Exercise prompt
For the listing beneath, state how many lines contain the string "mulrA". Give the number by itself.

* * * * *

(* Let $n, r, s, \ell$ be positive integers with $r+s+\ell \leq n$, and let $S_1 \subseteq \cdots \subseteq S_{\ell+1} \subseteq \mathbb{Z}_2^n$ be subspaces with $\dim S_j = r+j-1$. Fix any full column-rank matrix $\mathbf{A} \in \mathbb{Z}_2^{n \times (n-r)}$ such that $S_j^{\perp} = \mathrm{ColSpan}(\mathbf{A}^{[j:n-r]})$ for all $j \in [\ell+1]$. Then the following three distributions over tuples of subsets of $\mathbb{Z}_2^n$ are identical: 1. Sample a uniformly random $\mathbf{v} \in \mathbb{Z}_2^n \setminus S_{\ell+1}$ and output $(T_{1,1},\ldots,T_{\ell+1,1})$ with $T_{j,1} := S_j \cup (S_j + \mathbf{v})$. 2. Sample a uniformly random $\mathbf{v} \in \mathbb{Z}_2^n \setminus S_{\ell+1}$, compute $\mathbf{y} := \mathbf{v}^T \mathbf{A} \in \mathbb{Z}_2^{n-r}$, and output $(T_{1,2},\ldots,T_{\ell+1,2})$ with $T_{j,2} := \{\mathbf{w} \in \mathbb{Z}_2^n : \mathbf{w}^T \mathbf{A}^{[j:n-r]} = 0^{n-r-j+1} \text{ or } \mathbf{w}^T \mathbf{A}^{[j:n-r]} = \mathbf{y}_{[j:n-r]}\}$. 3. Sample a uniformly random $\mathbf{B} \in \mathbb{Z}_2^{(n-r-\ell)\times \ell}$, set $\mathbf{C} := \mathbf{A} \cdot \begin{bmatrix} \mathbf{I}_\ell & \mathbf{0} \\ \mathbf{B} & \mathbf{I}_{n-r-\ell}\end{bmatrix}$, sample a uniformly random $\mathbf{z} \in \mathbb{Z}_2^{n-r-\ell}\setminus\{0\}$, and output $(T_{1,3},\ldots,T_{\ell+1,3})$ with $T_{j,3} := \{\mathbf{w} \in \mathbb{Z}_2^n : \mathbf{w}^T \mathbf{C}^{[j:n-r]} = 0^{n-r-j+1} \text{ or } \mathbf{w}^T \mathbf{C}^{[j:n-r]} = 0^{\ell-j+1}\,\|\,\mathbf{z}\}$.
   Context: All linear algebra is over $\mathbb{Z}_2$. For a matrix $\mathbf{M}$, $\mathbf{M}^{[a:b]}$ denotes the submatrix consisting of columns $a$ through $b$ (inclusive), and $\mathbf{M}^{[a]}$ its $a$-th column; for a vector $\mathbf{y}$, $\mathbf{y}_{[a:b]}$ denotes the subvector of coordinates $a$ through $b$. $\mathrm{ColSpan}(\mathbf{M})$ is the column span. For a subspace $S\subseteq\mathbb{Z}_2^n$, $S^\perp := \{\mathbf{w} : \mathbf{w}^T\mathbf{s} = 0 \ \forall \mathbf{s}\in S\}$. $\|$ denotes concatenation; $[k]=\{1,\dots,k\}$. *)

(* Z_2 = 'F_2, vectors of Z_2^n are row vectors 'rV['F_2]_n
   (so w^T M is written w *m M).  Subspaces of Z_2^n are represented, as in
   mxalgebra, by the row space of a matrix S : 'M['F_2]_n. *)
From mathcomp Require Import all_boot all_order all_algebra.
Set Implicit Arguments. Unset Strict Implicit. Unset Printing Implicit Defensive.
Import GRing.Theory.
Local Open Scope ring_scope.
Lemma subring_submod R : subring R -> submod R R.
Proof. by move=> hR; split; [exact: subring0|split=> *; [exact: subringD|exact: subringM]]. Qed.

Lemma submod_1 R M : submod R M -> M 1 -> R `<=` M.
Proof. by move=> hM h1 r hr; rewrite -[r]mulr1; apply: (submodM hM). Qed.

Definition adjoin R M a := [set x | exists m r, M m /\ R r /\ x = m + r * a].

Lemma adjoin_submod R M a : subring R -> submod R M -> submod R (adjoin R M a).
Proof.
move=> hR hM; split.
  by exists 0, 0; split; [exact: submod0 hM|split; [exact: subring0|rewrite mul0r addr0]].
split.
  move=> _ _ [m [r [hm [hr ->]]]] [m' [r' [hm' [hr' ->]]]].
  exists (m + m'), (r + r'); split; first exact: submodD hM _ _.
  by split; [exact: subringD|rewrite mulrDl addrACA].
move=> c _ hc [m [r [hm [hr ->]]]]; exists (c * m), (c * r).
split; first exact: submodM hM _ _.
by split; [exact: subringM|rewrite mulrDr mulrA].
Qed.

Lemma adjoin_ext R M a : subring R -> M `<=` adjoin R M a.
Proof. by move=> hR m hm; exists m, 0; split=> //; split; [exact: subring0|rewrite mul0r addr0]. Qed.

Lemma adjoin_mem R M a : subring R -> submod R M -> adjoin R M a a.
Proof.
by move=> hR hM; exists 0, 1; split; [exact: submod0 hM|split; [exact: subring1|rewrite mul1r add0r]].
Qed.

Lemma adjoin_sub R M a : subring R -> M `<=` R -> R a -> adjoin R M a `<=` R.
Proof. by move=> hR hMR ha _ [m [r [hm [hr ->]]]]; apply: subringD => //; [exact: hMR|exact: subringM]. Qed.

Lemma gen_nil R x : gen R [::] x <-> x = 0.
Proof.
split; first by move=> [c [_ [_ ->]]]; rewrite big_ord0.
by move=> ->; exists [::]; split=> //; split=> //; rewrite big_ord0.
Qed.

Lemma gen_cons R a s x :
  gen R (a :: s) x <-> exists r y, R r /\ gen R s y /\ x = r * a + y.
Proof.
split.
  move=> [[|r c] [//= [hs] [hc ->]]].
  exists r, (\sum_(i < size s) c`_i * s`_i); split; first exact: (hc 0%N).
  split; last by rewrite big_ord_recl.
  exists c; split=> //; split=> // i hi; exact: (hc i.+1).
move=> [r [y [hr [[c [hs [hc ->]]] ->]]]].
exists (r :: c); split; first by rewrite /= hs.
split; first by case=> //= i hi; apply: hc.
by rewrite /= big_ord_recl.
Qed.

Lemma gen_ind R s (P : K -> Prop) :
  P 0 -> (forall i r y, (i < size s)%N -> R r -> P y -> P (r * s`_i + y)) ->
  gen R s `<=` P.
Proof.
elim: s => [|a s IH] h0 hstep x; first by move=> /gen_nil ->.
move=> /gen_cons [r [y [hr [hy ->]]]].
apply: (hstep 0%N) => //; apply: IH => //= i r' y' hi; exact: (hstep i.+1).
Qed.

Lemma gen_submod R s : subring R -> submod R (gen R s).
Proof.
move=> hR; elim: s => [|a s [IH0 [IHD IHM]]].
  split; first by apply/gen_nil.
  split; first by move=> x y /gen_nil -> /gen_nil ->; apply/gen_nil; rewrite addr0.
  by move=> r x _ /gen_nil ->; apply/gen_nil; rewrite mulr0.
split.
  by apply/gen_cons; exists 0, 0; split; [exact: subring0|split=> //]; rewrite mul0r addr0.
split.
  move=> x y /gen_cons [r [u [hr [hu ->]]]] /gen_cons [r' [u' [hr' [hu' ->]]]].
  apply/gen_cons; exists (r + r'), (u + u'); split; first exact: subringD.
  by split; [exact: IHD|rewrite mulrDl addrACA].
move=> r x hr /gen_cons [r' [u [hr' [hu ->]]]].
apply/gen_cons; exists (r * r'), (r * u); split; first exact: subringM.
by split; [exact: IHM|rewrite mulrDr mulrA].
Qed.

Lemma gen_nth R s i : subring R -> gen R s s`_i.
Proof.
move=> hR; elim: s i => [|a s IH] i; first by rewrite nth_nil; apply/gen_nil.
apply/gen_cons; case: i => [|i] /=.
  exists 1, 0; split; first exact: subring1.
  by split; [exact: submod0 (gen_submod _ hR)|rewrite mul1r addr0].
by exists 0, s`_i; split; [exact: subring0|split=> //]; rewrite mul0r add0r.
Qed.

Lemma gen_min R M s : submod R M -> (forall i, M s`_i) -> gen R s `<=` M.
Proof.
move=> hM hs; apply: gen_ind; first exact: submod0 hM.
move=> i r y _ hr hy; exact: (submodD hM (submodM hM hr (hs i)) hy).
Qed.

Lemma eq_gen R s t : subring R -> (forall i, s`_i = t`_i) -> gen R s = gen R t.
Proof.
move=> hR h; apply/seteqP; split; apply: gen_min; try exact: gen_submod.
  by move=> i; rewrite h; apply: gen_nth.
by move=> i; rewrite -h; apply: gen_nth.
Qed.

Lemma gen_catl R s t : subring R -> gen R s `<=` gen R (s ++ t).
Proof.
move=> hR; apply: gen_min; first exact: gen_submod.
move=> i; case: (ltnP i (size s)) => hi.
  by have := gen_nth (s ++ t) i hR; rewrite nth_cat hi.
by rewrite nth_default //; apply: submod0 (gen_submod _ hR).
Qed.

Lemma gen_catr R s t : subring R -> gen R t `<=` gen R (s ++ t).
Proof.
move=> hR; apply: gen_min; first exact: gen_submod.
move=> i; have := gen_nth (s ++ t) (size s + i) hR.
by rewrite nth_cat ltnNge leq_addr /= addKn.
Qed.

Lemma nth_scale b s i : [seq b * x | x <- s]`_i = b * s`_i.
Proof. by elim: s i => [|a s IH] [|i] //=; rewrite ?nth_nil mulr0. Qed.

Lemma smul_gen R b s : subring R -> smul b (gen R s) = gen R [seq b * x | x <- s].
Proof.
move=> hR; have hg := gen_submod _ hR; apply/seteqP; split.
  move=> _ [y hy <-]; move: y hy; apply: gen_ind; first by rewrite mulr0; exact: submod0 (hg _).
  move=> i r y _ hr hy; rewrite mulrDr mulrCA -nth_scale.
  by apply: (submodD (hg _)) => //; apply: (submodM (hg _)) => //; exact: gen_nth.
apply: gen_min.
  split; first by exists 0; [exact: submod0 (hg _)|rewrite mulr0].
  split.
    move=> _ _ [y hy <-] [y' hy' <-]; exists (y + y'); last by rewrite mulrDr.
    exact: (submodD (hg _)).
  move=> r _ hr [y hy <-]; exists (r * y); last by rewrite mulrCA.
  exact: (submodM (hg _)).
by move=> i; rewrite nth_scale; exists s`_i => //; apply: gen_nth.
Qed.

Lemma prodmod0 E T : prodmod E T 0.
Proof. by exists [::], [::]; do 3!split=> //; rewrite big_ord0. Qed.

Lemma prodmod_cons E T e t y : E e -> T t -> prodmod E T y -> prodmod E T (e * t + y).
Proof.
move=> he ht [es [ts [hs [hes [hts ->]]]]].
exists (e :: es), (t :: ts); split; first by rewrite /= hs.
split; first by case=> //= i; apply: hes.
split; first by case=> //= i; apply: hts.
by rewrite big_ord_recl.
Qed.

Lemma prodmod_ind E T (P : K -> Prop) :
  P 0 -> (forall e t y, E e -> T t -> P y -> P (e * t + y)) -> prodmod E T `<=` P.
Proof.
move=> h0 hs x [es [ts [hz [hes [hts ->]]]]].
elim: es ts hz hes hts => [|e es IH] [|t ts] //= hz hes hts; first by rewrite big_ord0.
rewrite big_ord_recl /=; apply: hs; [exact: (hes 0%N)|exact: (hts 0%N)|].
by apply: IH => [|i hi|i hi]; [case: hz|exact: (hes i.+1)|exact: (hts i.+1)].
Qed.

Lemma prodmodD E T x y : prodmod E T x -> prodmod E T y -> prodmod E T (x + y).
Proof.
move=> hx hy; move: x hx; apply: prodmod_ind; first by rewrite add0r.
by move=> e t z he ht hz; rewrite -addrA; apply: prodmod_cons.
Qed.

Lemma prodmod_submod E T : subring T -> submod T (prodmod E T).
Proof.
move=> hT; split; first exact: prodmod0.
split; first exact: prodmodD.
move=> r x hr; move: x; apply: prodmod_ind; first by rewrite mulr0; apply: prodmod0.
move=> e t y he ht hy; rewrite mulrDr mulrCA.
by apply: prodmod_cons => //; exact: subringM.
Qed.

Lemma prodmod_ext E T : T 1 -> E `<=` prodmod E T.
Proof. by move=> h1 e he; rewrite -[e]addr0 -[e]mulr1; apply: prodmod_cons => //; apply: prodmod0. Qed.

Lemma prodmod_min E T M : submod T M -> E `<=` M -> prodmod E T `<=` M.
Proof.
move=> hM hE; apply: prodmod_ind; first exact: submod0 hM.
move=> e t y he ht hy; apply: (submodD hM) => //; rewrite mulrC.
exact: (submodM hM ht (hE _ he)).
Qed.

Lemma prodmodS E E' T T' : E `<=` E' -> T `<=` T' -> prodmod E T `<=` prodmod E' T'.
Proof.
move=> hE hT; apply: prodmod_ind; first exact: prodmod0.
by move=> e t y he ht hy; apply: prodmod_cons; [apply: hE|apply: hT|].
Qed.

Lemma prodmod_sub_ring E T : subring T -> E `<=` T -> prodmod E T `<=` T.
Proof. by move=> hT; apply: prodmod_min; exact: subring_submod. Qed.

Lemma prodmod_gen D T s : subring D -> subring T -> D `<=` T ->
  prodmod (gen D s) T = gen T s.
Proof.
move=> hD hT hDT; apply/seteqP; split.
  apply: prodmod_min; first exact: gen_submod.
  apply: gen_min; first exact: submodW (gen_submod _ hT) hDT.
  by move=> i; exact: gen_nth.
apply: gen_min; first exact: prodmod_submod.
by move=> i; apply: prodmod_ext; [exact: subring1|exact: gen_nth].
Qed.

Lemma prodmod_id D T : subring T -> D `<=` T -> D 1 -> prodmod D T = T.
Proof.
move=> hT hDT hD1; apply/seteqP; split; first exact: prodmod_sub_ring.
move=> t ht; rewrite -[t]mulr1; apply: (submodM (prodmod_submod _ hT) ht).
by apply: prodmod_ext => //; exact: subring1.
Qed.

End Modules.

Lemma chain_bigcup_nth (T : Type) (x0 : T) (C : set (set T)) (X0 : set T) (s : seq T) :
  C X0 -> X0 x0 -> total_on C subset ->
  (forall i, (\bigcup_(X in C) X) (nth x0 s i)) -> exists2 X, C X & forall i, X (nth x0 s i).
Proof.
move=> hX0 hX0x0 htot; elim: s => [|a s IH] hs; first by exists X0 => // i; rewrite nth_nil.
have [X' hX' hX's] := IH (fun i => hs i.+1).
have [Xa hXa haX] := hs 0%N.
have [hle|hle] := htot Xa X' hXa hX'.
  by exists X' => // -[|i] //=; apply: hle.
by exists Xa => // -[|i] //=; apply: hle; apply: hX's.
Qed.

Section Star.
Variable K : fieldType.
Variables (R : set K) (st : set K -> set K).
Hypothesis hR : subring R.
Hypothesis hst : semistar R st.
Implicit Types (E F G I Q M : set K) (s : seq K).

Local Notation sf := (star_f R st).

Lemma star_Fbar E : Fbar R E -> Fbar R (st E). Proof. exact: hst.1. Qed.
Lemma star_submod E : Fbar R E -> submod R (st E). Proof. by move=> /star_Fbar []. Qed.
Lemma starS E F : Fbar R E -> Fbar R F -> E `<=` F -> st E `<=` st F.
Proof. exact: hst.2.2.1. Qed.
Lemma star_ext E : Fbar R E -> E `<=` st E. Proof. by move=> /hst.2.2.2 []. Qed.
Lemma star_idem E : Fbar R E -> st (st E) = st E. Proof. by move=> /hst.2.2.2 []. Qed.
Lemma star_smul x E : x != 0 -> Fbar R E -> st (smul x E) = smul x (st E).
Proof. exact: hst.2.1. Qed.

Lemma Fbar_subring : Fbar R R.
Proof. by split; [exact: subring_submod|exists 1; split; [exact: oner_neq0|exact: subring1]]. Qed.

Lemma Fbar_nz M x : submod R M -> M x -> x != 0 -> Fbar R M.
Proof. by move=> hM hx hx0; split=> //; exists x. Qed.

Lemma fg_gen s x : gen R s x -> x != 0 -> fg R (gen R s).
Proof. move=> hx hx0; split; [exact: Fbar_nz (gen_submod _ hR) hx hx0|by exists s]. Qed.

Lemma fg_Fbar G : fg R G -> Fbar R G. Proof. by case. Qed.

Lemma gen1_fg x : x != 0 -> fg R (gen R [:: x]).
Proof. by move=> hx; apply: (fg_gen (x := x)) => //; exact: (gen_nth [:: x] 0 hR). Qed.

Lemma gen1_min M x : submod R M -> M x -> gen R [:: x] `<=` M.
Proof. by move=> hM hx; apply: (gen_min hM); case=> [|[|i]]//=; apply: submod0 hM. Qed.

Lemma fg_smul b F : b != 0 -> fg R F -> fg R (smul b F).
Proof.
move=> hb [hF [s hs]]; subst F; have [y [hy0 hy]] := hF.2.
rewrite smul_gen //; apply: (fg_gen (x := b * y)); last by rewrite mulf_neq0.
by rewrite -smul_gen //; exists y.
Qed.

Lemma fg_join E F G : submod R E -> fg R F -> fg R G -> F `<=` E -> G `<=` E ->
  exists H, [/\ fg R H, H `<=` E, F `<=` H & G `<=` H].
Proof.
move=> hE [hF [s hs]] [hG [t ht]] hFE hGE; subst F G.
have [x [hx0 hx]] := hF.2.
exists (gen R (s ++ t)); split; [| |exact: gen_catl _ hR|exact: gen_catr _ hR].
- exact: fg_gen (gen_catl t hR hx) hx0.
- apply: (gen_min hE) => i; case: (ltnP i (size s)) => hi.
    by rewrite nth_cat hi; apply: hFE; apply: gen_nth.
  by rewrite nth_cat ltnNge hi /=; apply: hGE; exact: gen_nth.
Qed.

* * * * *

Response to the exercise
2